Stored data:
== Segment start ==

Lemma linearized_admm_obj_cvg : cvg ((fun k => g (xs k) + f (xs k) + h (ys k)) @ \oo).
Proof.
have [My My_ub] := ys_bounded.
have [Md Md_ub] := cvg_seq_ub dy_cvg0.
have gradh_ub k : dotc (gradh (ys k.+1)) (gradh (ys k.+1))
    <= 2 * (Lh ^+ 2 * My) + 2 * dotc (gradh 0) (gradh 0).
  apply: le_trans (lipschitz_grad_sq_le h_lip _) _.
  by have := ler_wpM2l (sqr_ge0 Lh) (My_ub k); lra.
have psi1 : (fun k => psi k.+1) @ \oo --> psi_lim by rewrite cvg_shiftS; exact: psi_cvg.
have dy1 : (fun k => dy k.+1) @ \oo --> 0 by rewrite cvg_shiftS; exact: dy_cvg0.
have T3 := dotc_bounded_cvg0 gradh_ub w_cvg0.
have T4 := dotc_bounded_cvg0 (a := fun k => ys k.+2 - ys k.+1) (fun k => Md_ub k.+1) w_cvg0.
apply/cvg_ex; exists psi_lim; rewrite -2!cvg_shiftS (eq_cvg _ _ obj_eq_psi).
suff : (fun k => psi k.+1 - kappa * dy k.+1 + dotc (gradh (ys k.+1)) (w k.+2)
    + Ly * dotc (ys k.+2 - ys k.+1) (w k.+2) - beta / 2 * dotc (res k.+2) (res k.+2))
    @ \oo --> psi_lim - kappa * 0 + 0 + Ly * 0 - beta / 2 * 0.
  by rewrite !mulr0 !subr0 !addr0.
apply: cvgB; first apply: cvgD; first apply: cvgD; first apply: cvgB.
- exact: psi1.
- exact: cvgM (cvg_cst _) dy1.
- exact: T3.
- exact: cvgM (cvg_cst _) T4.
- exact: cvgM (cvg_cst _) res_cvg0.
Qed.

End LinearizedADMM.

Lemma admm_parameter_conditions (R : realType) (Lg Lh Lx Ly beta LA lamB : R) :
  0 <= Lg -> 0 <= Lh -> 0 < lamB ->
  let Lw := Lg + Lh in
  let Cm := (Ly + Lw ^+ 2) / 2 in
  Lg + beta * LA + 6 * Lw ^+ 2 + 1 <= Lx ->
  Lw + Lw ^+ 2 + 3 <= Ly ->
  Num.max (Num.max ((Lw + Ly + 2) / lamB)
                   (3 * (Lw ^+ 2 + Ly ^+ 2) / (lamB * Cm)))
          (3 * Ly ^+ 2 / lamB) <= beta ->
  [/\ 2 * Lg + beta * LA <= Lx, 3 * Lh <= beta * lamB &
      3 * Ly ^+ 2 / (beta * lamB) + 3 * (Lh ^+ 2 + Ly ^+ 2) / (beta * lamB) + 1
        <= Ly - Lh + beta * lamB / 2].
Proof.
move=> Lg_ge0 Lh_ge0 lamB_gt0 Lw Cm hLx hLy.
rewrite !ge_max => /andP[/andP[hb1 hb2] hb3].
have Lw_ge0 : 0 <= Lw by rewrite addr_ge0.
have Lw2_ge0 := sqr_ge0 Lw.
have Cm_gt0 : 0 < Cm by rewrite /Cm; lra.
have s1 : 3 * Ly ^+ 2 <= beta * lamB by rewrite -ler_pdivrMr.
have s2 : 3 * (Lw ^+ 2 + Ly ^+ 2) <= beta * lamB * Cm.
  by rewrite -mulrA -ler_pdivrMr // mulr_gt0.
have s3 : Lw + Ly + 2 <= beta * lamB by rewrite -ler_pdivrMr.
have beta_lamB_gt0 : 0 < beta * lamB by nra.
have Lg_le : Lg <= Lw by rewrite /Lw lerDl.
have Lh_le : Lh <= Lw by rewrite /Lw lerDr.
split.
- have : Lw <= 6 * Lw ^+ 2 + 1 by have := sqr_ge0 (Lw - 1); rewrite sqrrB1; lra.
  lra.
- nra.
have t1 : 3 * Ly ^+ 2 / (beta * lamB) <= 1 by rewrite ler_pdivrMr // mul1r.
have t2 : 3 * (Lh ^+ 2 + Ly ^+ 2) / (beta * lamB) <= Cm.
  have : Lh ^+ 2 <= Lw ^+ 2 by rewrite ler_sqr // nnegrE.
  by rewrite ler_pdivrMr // [Cm * _]mulrC; lra.
rewrite /Cm in t2; nra.
Qed.

Unset Implicit Arguments.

== Segment end ==

Problem statement: Give all of the entries again, word for word.

Exercise solution:
Lemma linearized_admm_obj_cvg : cvg ((fun k => g (xs k) + f (xs k) + h (ys k)) @ \oo).
Proof.
have [My My_ub] := ys_bounded.
have [Md Md_ub] := cvg_seq_ub dy_cvg0.
have gradh_ub k : dotc (gradh (ys k.+1)) (gradh (ys k.+1))
    <= 2 * (Lh ^+ 2 * My) + 2 * dotc (gradh 0) (gradh 0).
  apply: le_trans (lipschitz_grad_sq_le h_lip _) _.
  by have := ler_wpM2l (sqr_ge0 Lh) (My_ub k); lra.
have psi1 : (fun k => psi k.+1) @ \oo --> psi_lim by rewrite cvg_shiftS; exact: psi_cvg.
have dy1 : (fun k => dy k.+1) @ \oo --> 0 by rewrite cvg_shiftS; exact: dy_cvg0.
have T3 := dotc_bounded_cvg0 gradh_ub w_cvg0.
have T4 := dotc_bounded_cvg0 (a := fun k => ys k.+2 - ys k.+1) (fun k => Md_ub k.+1) w_cvg0.
apply/cvg_ex; exists psi_lim; rewrite -2!cvg_shiftS (eq_cvg _ _ obj_eq_psi).
suff : (fun k => psi k.+1 - kappa * dy k.+1 + dotc (gradh (ys k.+1)) (w k.+2)
    + Ly * dotc (ys k.+2 - ys k.+1) (w k.+2) - beta / 2 * dotc (res k.+2) (res k.+2))
    @ \oo --> psi_lim - kappa * 0 + 0 + Ly * 0 - beta / 2 * 0.
  by rewrite !mulr0 !subr0 !addr0.
apply: cvgB; first apply: cvgD; first apply: cvgD; first apply: cvgB.
- exact: psi1.
- exact: cvgM (cvg_cst _) dy1.
- exact: T3.
- exact: cvgM (cvg_cst _) T4.
- exact: cvgM (cvg_cst _) res_cvg0.
Qed.

End LinearizedADMM.

Lemma admm_parameter_conditions (R : realType) (Lg Lh Lx Ly beta LA lamB : R) :
  0 <= Lg -> 0 <= Lh -> 0 < lamB ->
  let Lw := Lg + Lh in
  let Cm := (Ly + Lw ^+ 2) / 2 in
  Lg + beta * LA + 6 * Lw ^+ 2 + 1 <= Lx ->
  Lw + Lw ^+ 2 + 3 <= Ly ->
  Num.max (Num.max ((Lw + Ly + 2) / lamB)
                   (3 * (Lw ^+ 2 + Ly ^+ 2) / (lamB * Cm)))
          (3 * Ly ^+ 2 / lamB) <= beta ->
  [/\ 2 * Lg + beta * LA <= Lx, 3 * Lh <= beta * lamB &
      3 * Ly ^+ 2 / (beta * lamB) + 3 * (Lh ^+ 2 + Ly ^+ 2) / (beta * lamB) + 1
        <= Ly - Lh + beta * lamB / 2].
Proof.
move=> Lg_ge0 Lh_ge0 lamB_gt0 Lw Cm hLx hLy.
rewrite !ge_max => /andP[/andP[hb1 hb2] hb3].
have Lw_ge0 : 0 <= Lw by rewrite addr_ge0.
have Lw2_ge0 := sqr_ge0 Lw.
have Cm_gt0 : 0 < Cm by rewrite /Cm; lra.
have s1 : 3 * Ly ^+ 2 <= beta * lamB by rewrite -ler_pdivrMr.
have s2 : 3 * (Lw ^+ 2 + Ly ^+ 2) <= beta * lamB * Cm.
  by rewrite -mulrA -ler_pdivrMr // mulr_gt0.
have s3 : Lw + Ly + 2 <= beta * lamB by rewrite -ler_pdivrMr.
have beta_lamB_gt0 : 0 < beta * lamB by nra.
have Lg_le : Lg <= Lw by rewrite /Lw lerDl.
have Lh_le : Lh <= Lw by rewrite /Lw lerDr.
split.
- have : Lw <= 6 * Lw ^+ 2 + 1 by have := sqr_ge0 (Lw - 1); rewrite sqrrB1; lra.
  lra.
- nra.
have t1 : 3 * Ly ^+ 2 / (beta * lamB) <= 1 by rewrite ler_pdivrMr // mul1r.
have t2 : 3 * (Lh ^+ 2 + Ly ^+ 2) / (beta * lamB) <= Cm.
  have : Lh ^+ 2 <= Lw ^+ 2 by rewrite ler_sqr // nnegrE.
  by rewrite ler_pdivrMr // [Cm * _]mulrC; lra.
rewrite /Cm in t2; nra.
Qed.

Unset Implicit Arguments.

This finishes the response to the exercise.